Высоко над густыми кронами проплывает небо, бледное, пустое. Облачка, мелкие, как рубашонки ангелов, спокойно висят в белесой глуби. Наверно, думает Хагедорн, чтобы вымерзли вши, ведь там наверху холодище дай боже! Вот только заводятся ли у ангелов вши? Пожалуй, все-таки заводятся, что ни говори, война, и ангелы дневалят в небесных казармах. На каждого солдата двое, для триединства. И попочки у этих ангелочков нежно-розовые, как зимняя заря в России. Да, да, камрады, во все надо вдумываться…
Эту романтическую остроту, кажется, отпустил тот толстяк, которого под деревней Александрово им пришлось кусками отдирать от лафета? А может быть, Блом, тощий, вечно голодный Блом, который, стоя ночью на посту, застрелил лошадь, потом, пропоров ей брюхо штыком, сунул ноги в теплую, сочащуюся дыру, уснул да так и замерз. Скорей всего это был он. Но точно Хагедорн уже не знал. Столько людей померзло и погибло в эти чертовы морозы…
Да он уже и не хотел знать. Он считал, что время — это только «теперь», а теперь надо о другом думать, когда смотришь на небо. А именно: что у этих облаков, жгутом вытянувшихся там, вверху, над терриконами, серебряные головки, у головок острый, соколиный взгляд и что на короткой волне они даже могут подавать голос, и еще что это американские разведчики, двухфюзеляжные лайтнинги; они выискивают наши позиции и натравливают на них спитфайеров и сандерболтов, этих летающих собак с высунутыми красно-огненными языками, которые жадно слизывают всю грязь с улиц, и в первую очередь людей, идущих и едущих и бегущих. Но больше всего им но вкусу дороги, прямые, как стрела. И никто не в состоянии отпугнуть их. Да, это так. И сейчас у нас апрель сорок пятого.
Сегодня самолетов что-то не видно. Поэтому и на прямой дороге ни души. Но они еще прилетят. Толстый майор на распределительном пункте, показывая Хагедорну его путь от железнодорожной станции до батареи, сказал, что они обрушиваются как снег на голову. Никто не знает когда.
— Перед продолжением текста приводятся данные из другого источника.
(* For every integer $n \geq 1$, $$P_O(n) - P_E(n) = \sum_{i \geq 1} S(i)\, p(n-i).$$
   Context: $p(m)$ is the number of partitions of $m$, with $p(0)=1$ and $p(m)=0$ for $m<0$. $P_O(n)$ (resp. $P_E(n)$) denotes the number of partitions of $n$ whose smallest part is odd (resp. even). The rank of a partition is its largest part minus its number of parts. For $i \geq 1$, $S(i)$ is the number of partitions of $i$ into distinct parts with even rank minus the number of partitions of $i$ into distinct parts with odd rank. *)

From mathcomp Require Import all_boot all_order all_algebra.
Set Implicit Arguments. Unset Strict Implicit. Unset Printing Implicit Defensive.
Import GRing.Theory Num.Theory.

Definition is_partition (n : nat) (s : seq nat) : bool :=
  [&& sorted geq s, all (fun x => 0 < x) s & sumn s == n].

Fixpoint seqs_len (n k : nat) : seq (seq nat) :=
  if k is k'.+1 then
    flatten [seq [seq x :: t | t <- seqs_len n k'] | x <- iota 1 n]
  else [:: [::]].

(* candidate sequences: length <= n, entries in {1..n} (every partition
   of n is among them) *)
Definition candidates (n : nat) : seq (seq nat) :=
  flatten [seq seqs_len n k | k <- iota 0 n.+1].

Definition partitions (n : nat) : seq (seq nat) :=
  [seq s <- undup (candidates n) | is_partition n s].


Definition pnum (m : int) : int :=
  match m with
  | Posz k => (size (partitions k))%:Z
  | Negz _ => 0
  end.

Definition largest_part (s : seq nat) : nat := foldr maxn 0 s.
Definition smallest_part (s : seq nat) : nat := foldr minn (head 0 s) s.
Definition num_parts (s : seq nat) : nat := size s.

Definition rank (s : seq nat) : int := (largest_part s)%:Z - (num_parts s)%:Z.

Definition P_O (n : nat) : nat :=
  count (fun s => odd (smallest_part s)) (partitions n).
Definition P_E (n : nat) : nat :=
  count (fun s => ~~ odd (smallest_part s)) (partitions n).

Definition Sd (i : nat) : int :=
  (count (fun s => uniq s && ~~ odd `|rank s|%N) (partitions i))%:Z
  - (count (fun s => uniq s && odd `|rank s|%N) (partitions i))%:Z.

From mathcomp Require Import all_boot all_order all_algebra zify.
Import GRing.Theory Num.Theory.
Set Implicit Arguments. Unset Strict Implicit. Unset Printing Implicit Defensive.

(* Write [pnum_ge m N] for the number of partitions of [N] whose parts are all at least [m].
   Deleting one copy of the smallest part gives
   [pnum_ge m N = pnum_ge m.+1 N + pnum_ge m (N - m)], hence
   P_O(n) - P_E(n) = sum_m (-1)^(m+1) pnum_ge m (n - m), and inclusion-exclusion over the
   forbidden parts 1..m-1 gives pnum_ge m N = sum_T (-1)^|T| p(N - |T|), T ranging over the
   sets of distinct parts < m. Grouping the distinct-part partitions t = m :: T counted by S
   according to their largest part m, whose rank has the parity of m + 1 + |T|, turns
   sum_i S(i) p(n - i) into the same double sum. *)


Lemma mem_leq_sumn (s : seq nat) x : x \in s -> x <= sumn s.
Proof.
elim: s => //= y s IHs; rewrite inE => /predU1P [-> | /IHs]; first exact: leq_addr.
by move/leq_trans; apply; apply: leq_addl.
Qed.

Lemma leq_size_sumn (s : seq nat) : all (leq 1) s -> size s <= sumn s.
Proof. by elim: s => //= x s IHs /andP [x_gt0 /IHs]; rewrite -add1n; apply: leq_add. Qed.

Lemma sorted_geq_rcons (s : seq nat) x :
  sorted geq (rcons s x) = sorted geq s && all (leq x) s.
Proof.
rewrite -rev_sorted rev_rcons /= path_sortedE; last exact: leq_trans.
by rewrite all_rev rev_sorted andbC.
Qed.

Lemma gtn_sorted_uniq_geq (s : seq nat) : sorted gtn s = uniq s && sorted geq s.
Proof. by rewrite -rev_sorted ltn_sorted_uniq_leq rev_uniq rev_sorted. Qed.

Lemma mem_seqs_len n k s :
  size s = k -> all (fun x => 0 < x <= n) s -> s \in seqs_len n k.
Proof.
elim: s k => [|x s IHs] [|k] //= [sz_s] /andP [x_in s_in].
apply/flatten_mapP; exists x; first by rewrite mem_iota add1n.
exact/map_f/IHs.
Qed.

Lemma mem_partitions n s : (s \in partitions n) = is_partition n s.
Proof.
rewrite mem_filter mem_undup andb_idr // => /and3P [_ s_pos /eqP sum_s].
apply/flatten_mapP; exists (size s); first by rewrite mem_iota ltnS -sum_s leq_size_sumn.
apply: mem_seqs_len => //; apply/allP => x x_s.
by rewrite (allP s_pos) //= -sum_s mem_leq_sumn.
Qed.

Lemma uniq_partitions n : uniq (partitions n).
Proof. by rewrite filter_uniq // undup_uniq. Qed.

Lemma partitions_neq_nil n s : 0 < n -> s \in partitions n -> s != [::].
Proof.
move=> n_gt0; rewrite mem_partitions => /and3P [_ _].
by case: s => // /eqP n0; rewrite -n0 in n_gt0.
Qed.

Lemma smallest_part_ge m s : s != [::] -> (m <= smallest_part s) = all (leq m) s.
Proof.
case: s => // x s _; rewrite /smallest_part /=.
have leq_foldr_min y t : (m <= foldr minn y t) = (m <= y) && all (leq m) t.
  by elim: t => /= [|z t IHt]; rewrite ?andbT // leq_min IHt andbCA.
by rewrite leq_min leq_foldr_min andbA andbb.
Qed.

(* Removing one copy of the smallest part [m] is a bijection onto the partitions
   of [k - m] with all parts at least [m]. *)
Lemma partitions_min_part m k : 0 < m -> m <= k ->
  perm_eq [seq t <- partitions k | all (leq m) t && ~~ all (leq m.+1) t]
          [seq rcons s m | s <- partitions (k - m) & all (leq m) s].
Proof.
move=> m_gt0 le_mk; apply: uniq_perm.
- exact/filter_uniq/uniq_partitions.
- rewrite map_inj_uniq; first exact/filter_uniq/uniq_partitions.
  by move=> s1 s2 /eqP; rewrite eqseq_rcons eqxx andbT => /eqP.
move=> t; rewrite mem_filter mem_partitions; apply/idP/mapP.
- case/lastP: t => [|s x] /andP [/andP [t_ge]] /allPn [y t_y]; first by [].
  rewrite -ltnNge ltnS => le_ym /and3P [].
  rewrite sorted_geq_rcons all_rcons sumn_rcons => /andP [s_sorted s_ge_x].
  move=> /andP [_ s_pos] /eqP sum_t.
  move: t_ge; rewrite all_rcons => /andP [le_mx s_ge_m].
  have x_eq_m : x = m.
    apply/eqP; rewrite eqn_leq le_mx andbT.
    move: t_y; rewrite mem_rcons inE => /predU1P [<- // | s_y].
    exact: leq_trans (allP s_ge_x y s_y) le_ym.
  exists s; last by rewrite x_eq_m.
  rewrite mem_filter s_ge_m mem_partitions /is_partition s_sorted s_pos.
  by rewrite -sum_t x_eq_m addnK /=.
- case=> s; rewrite mem_filter mem_partitions => /andP [s_ge_m] /and3P [s_sorted s_pos].
  move=> /eqP sum_s ->; rewrite /is_partition sorted_geq_rcons s_sorted s_ge_m.
  by rewrite !all_rcons leqnn s_ge_m s_pos m_gt0 sumn_rcons sum_s subnK //= ltnn eqxx.
Qed.

Local Open Scope ring_scope.

Lemma sum_sign_count (R : pzRingType) T (l : seq T) (h : T -> nat) :
  \sum_(s <- l) (-1) ^+ h s =
  (count (fun s => ~~ odd (h s)) l)%:R - (count (fun s => odd (h s)) l)%:R :> R.
Proof.
elim: l => [|x l IHl]; first by rewrite big_nil subrr.
rewrite big_cons IHl /= -signr_odd !natrD.
by case: (odd (h x)); rewrite /= ?expr0 ?expr1 ?add0r; [rewrite opprD addrCA | rewrite addrA].
Qed.

Lemma sum_nat_fibers (R : nmodType) T (l : seq T) (f : T -> nat) (G : T -> R) a b :
  \sum_(a <= i < b) \sum_(t <- l | f t == i) G t = \sum_(t <- l | (a <= f t < b)%N) G t.
Proof.
under eq_bigr do rewrite big_mkcond; rewrite exchange_big [RHS]big_mkcond.
apply: eq_bigr => t _; case: ifP => [f_in | f_out].
  rewrite (bigD1_seq (f t)) ?mem_index_iota ?iota_uniq //= eqxx big1 ?addr0 // => i.
  by rewrite eq_sym => /negbTE ->.
rewrite big_seq big1 // => i; rewrite mem_index_iota.
by case: eqP => // <-; rewrite f_out.
Qed.

Definition pnum_ge (m : nat) (N : int) : int :=
  if N is Posz k then (count (all (leq m)) (partitions k))%:Z else 0.

Lemma pnum_ge_lt0 m N : N < 0 -> pnum_ge m N = 0.
Proof. by case: N. Qed.

Lemma pnum_lt0 N : N < 0 -> pnum N = 0.
Proof. by case: N. Qed.

Lemma pnum_ge1 N : pnum_ge 1 N = pnum N.
Proof.
case: N => //= k; rewrite -count_predT; congr Posz; apply: eq_in_count => s.
by rewrite mem_partitions => /and3P [].
Qed.

Lemma count_min_part m k : (0 < m)%N ->
  (count (fun t => all (leq m) t && ~~ all (leq m.+1) t) (partitions k))%:Z =
  pnum_ge m (k%:Z - m%:Z).
Proof.
move=> m_gt0; have [le_mk | lt_km] := leqP m k.
  rewrite subzn // -size_filter (perm_size (partitions_min_part m_gt0 le_mk)).
  by rewrite size_map size_filter.
rewrite pnum_ge_lt0 ?subr_lt0 ?ltz_nat //; apply/eqP; rewrite eqz_nat -leqn0 leqNgt.
rewrite -has_count; apply/hasPn => t; rewrite mem_partitions => /and3P [_ _ /eqP sum_t].
apply/negP => /andP [t_ge /allPn [x t_x]]; rewrite -ltnNge ltnS => le_xm.
have := leq_trans (allP t_ge x t_x) (mem_leq_sumn t_x).
by rewrite sum_t leqNgt lt_km.
Qed.

Lemma pnum_ge_rec m N : (0 < m)%N ->
  pnum_ge m N = pnum_ge m.+1 N + pnum_ge m (N - m%:Z).
Proof.
move=> m_gt0; case: N => [k | k]; last by rewrite !pnum_ge_lt0 ?addr0 // NegzE; lia.
rewrite -count_min_part //= -PoszD -size_filter -(count_predC (all (leq m.+1))).
rewrite !(count_filter _ (all (leq m))); congr (Posz (_ + _)).
  apply: eq_count => t /=; apply/andb_idr => /allP t_ge.
  by apply/allP => x /t_ge /ltnW.
by apply: eq_count => t; rewrite /= andbC.
Qed.

Fixpoint strict_seqs (k : nat) : seq (seq nat) :=
  if k is k'.+1 then strict_seqs k' ++ map (cons k) (strict_seqs k') else [:: [::]].

Lemma mem_strict_seqs k t :
  (t \in strict_seqs k) = sorted gtn t && all (fun x => 0 < x <= k)%N t.
Proof.
have gtn_trans : transitive gtn by move=> ? ? ? /= ? /ltn_trans; apply.
have bound_le k' x s : path gtn x s -> (x <= k'.+1)%N ->
    all (fun y => 0 < y <= k')%N s = all (fun y => 0 < y <= k'.+1)%N s.
  rewrite path_sortedE // => /andP [/allP s_lt _] le_x; apply: eq_in_all => y s_y.
  have := leq_trans (s_lt y s_y) le_x; rewrite ltnS => le_yk.
  by rewrite le_yk (leqW le_yk).
elim: k t => [|k IHk] [|x t] //=; first by case: x => [|x]; rewrite inE /= ?andbF.
  by rewrite mem_cat IHk.
have mem_map_cons y l : (x :: t \in map (cons y) l) = (x == y) && (t \in l).
  by apply/mapP/andP => [[s s_l [-> ->]] | [/eqP -> t_l]]; last exists t.
rewrite mem_cat IHk /= mem_map_cons; case: (ltngtP x k.+1) => [lt_xk | lt_kx | ->] /=.
- move: (lt_xk); rewrite ltnS => ->; rewrite orbF andbT.
  case: (boolP (path _ x t)) => //= /(bound_le k) -> //; exact: ltnW.
- by rewrite orbF (leqNgt x k) (ltnW lt_kx) /= ?andbF.
rewrite ltnn andbF /= IHk (path_sortedE gtn_trans) -andbA andbCA -all_predI.
congr (_ && _); apply: eq_all => y /=; rewrite ltnS.
case: (leqP y k) => [le_yk | _]; first by rewrite (leqW le_yk) !andbT.
by rewrite !andbF.
Qed.

Lemma uniq_strict_seqs k : uniq (strict_seqs k).
Proof.
elim: k => //= k IHk; rewrite cat_uniq IHk map_inj_uniq //=; last by move=> ? ? [].
rewrite IHk andbT; apply/hasPn => _ /mapP [t _ ->].
by rewrite mem_strict_seqs /= ltnn andbF.
Qed.

(* Inclusion-exclusion over the parts [1..k] that a partition of [N] is forbidden to use. *)
Lemma pnum_ge_strict_seqs k N :
  pnum_ge k.+1 N = \sum_(T <- strict_seqs k) (-1) ^+ size T * pnum (N - (sumn T)%:Z).
Proof.
elim: k N => [|k IHk] N; first by rewrite big_seq1 mul1r subr0 pnum_ge1.
rewrite /= big_cat big_map /= -IHk (pnum_ge_rec N (ltn0Sn k)) (IHk (N - _)).
rewrite -addrA -big_split big1 ?addr0 // => T _ /=.
by rewrite exprS mulN1r mulNr PoszD opprD addrA subrr.
Qed.

Lemma big_strict_seqs_largest (R : nmodType) (h : seq nat -> R) k :
  \sum_(t <- strict_seqs k) h t =
  h [::] + \sum_(1 <= m < k.+1) \sum_(T <- strict_seqs m.-1) h (m :: T).
Proof.
elim: k => [|k IHk]; first by rewrite big_seq1 big_geq ?addr0.
by rewrite /= big_cat big_map /= [in RHS]big_nat_recr //= IHk addrA.
Qed.

Lemma odd_distn a b : odd `|a%:Z - b%:Z|%N = odd (a + b)%N.
Proof.
have [le_ab | /ltnW le_ba] := leqP a b.
  by rewrite distnEr // oddB // oddD addbC.
by rewrite distnEl // oddB // oddD.
Qed.

Lemma sign_rank_cons m T : all (gtn m) T ->
  (-1) ^+ `|rank (m :: T)|%N = (-1) ^+ m.+1 * (-1) ^+ size T :> int.
Proof.
move=> T_lt_m; have largest_m : largest_part (m :: T) = m.
  apply/maxn_idPl; elim: T T_lt_m => //= x T IHT /andP [/ltnW le_xm /IHT].
  by rewrite geq_max le_xm.
rewrite /rank largest_m /num_parts -signr_odd odd_distn signr_odd.
by rewrite /= addnS -addSn exprD.
Qed.

Lemma Sd_strict_seqs i K : (i <= K)%N ->
  Sd i = \sum_(t <- strict_seqs K | sumn t == i) (-1) ^+ `|rank t|%N.
Proof.
move=> le_iK.
have strict_partitions : perm_eq [seq s <- partitions i | uniq s]
                                 [seq t <- strict_seqs K | sumn t == i].
  apply: uniq_perm => [||s]; first exact/filter_uniq/uniq_partitions.
    exact/filter_uniq/uniq_strict_seqs.
  rewrite mem_filter mem_partitions [in RHS]mem_filter mem_strict_seqs gtn_sorted_uniq_geq.
  rewrite /is_partition; have [sum_s | _] := eqVneq (sumn s) i; last by rewrite !andbF.
  have -> : all (fun x => 0 < x <= K)%N s = all (leq 1) s.
    apply: eq_in_all => x s_x; apply: andb_idr => _.
    rewrite -sum_s in le_iK; exact: leq_trans (mem_leq_sumn s_x) le_iK.
  by rewrite andbT /= andbA.
rewrite -big_filter -(perm_big _ strict_partitions) sum_sign_count.
rewrite !(count_filter _ uniq) !natz.
by congr (Posz _ - Posz _); apply: eq_count => s; rewrite /= andbC.
Qed.

Lemma count_smallest_part n m : (0 < n)%N -> (0 < m)%N ->
  (count (fun s => smallest_part s == m) (partitions n))%:Z = pnum_ge m (n%:Z - m%:Z).
Proof.
move=> n_gt0 m_gt0; rewrite -count_min_part //; congr Posz; apply: eq_in_count => s s_n.
have s_nil := partitions_neq_nil n_gt0 s_n.
by rewrite eqn_leq andbC (leqNgt (smallest_part s)) !smallest_part_ge.
Qed.

Lemma P_O_sub_P_E n N : (0 < n < N)%N ->
  (P_O n)%:Z - (P_E n)%:Z = \sum_(1 <= m < N) (-1) ^+ m.+1 * pnum_ge m (n%:Z - m%:Z).
Proof.
case/andP=> n_gt0 lt_nN.
have smallest_part_range s : s \in partitions n -> (1 <= smallest_part s < N)%N.
  move=> s_n; have s_nil := partitions_neq_nil n_gt0 s_n.
  rewrite smallest_part_ge //; move: s_n s_nil; rewrite mem_partitions.
  case/and3P=> _ -> /eqP sum_s; case: s sum_s => //= x s sum_s _.
  rewrite /smallest_part /= (leq_ltn_trans _ lt_nN) // -sum_s.
  exact: leq_trans (geq_minl _ _) (leq_addr _ _).
have := sum_sign_count int (partitions n) smallest_part; rewrite !natz => sign_sum.
rewrite /P_O /P_E -opprB -sign_sum.
have -> : \sum_(s <- partitions n) (-1) ^+ smallest_part s =
          \sum_(s <- partitions n | (1 <= smallest_part s < N)%N)
            (-1) ^+ smallest_part s :> int.
  rewrite big_seq [RHS]big_seq_cond; apply: eq_bigl => s.
  by case: (boolP (s \in _)) => // /smallest_part_range ->.
rewrite -sum_nat_fibers -sumrN; apply: eq_big_nat => m /andP [m_gt0 _].
rewrite -count_smallest_part // (eq_bigr (fun _ => (-1) ^+ m)) => [|s /eqP -> //].
by rewrite big_const_seq iter_addr_0 -mulr_natr natz exprS mulN1r mulNr.
Qed.

Lemma sum_Sd_mul_pnum n K :
  \sum_(1 <= i < K.+1) Sd i * pnum (n%:Z - i%:Z) =
  \sum_(t <- strict_seqs K | (1 <= sumn t < K.+1)%N)
     (-1) ^+ `|rank t|%N * pnum (n%:Z - (sumn t)%:Z).
Proof.
rewrite -sum_nat_fibers; apply: eq_big_nat => i /andP [_]; rewrite ltnS => le_iK.
rewrite (Sd_strict_seqs le_iK) mulr_suml.
by apply: eq_bigr => t /eqP ->.
Qed.

Lemma sum_sign_rank_strict_seqs n K : (n <= K)%N ->
  \sum_(t <- strict_seqs K | (1 <= sumn t < K.+1)%N)
     (-1) ^+ `|rank t|%N * pnum (n%:Z - (sumn t)%:Z) =
  \sum_(1 <= m < K.+1) (-1) ^+ m.+1 * pnum_ge m (n%:Z - m%:Z).
Proof.
move=> le_nK; rewrite big_mkcond big_strict_seqs_largest /= add0r.
apply: eq_big_nat => m /andP [m_gt0 _].
have := pnum_ge_strict_seqs m.-1 (n%:Z - m%:Z); rewrite prednK // => ->.
rewrite mulr_sumr; apply: eq_big_seq => T.
rewrite mem_strict_seqs => /andP [_ T_range].
have T_lt_m : all (gtn m) T.
  by apply/allP => x /(allP T_range) /andP [_]; rewrite /= -ltnS prednK.
rewrite /= (leq_trans m_gt0 (leq_addr _ _)) sign_rank_cons // PoszD opprD addrA -mulrA.
case: ifP => // /negbT; rewrite -leqNgt => lt_K_sum.
by rewrite pnum_lt0 ?mulr0 //; lia.
Qed.

Theorem theorem4 (n : nat) (hn : (1 <= n)%N) (N : nat) (hN : (n < N)%N) :
  (P_O n)%:Z - (P_E n)%:Z = \sum_(1 <= i < N) Sd i * pnum (n%:Z - i%:Z).
Proof.
case: N hN => // K lt_nK.
rewrite sum_Sd_mul_pnum sum_sign_rank_strict_seqs //.
by rewrite (P_O_sub_P_E (N := K.+1)) // hn.
Qed.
Толстяк — поредевшие волосы у пего пахли фиалковой помадой — даже затеял разговор с ним, Хагедорном. Это было что-то новое. До сих пор ому еще не встречался майор, желающий беседовать с унтер-офицером. Может быть, старшие офицеры решили стать человечнее теперь, когда все бесчеловечнее становится война, когда она свирепствует уже у нас на родине, втягивая в свой водоворот наших женщин и детей? Или это решили только самые несмелые из них? Другие привыкли подкреплять свои приказы пистолетом, а то и угрозой полевого суда, если солдаты без прежней охоты выполняли их. И, спрашивается, кого больше одолевает страх, тех или этих?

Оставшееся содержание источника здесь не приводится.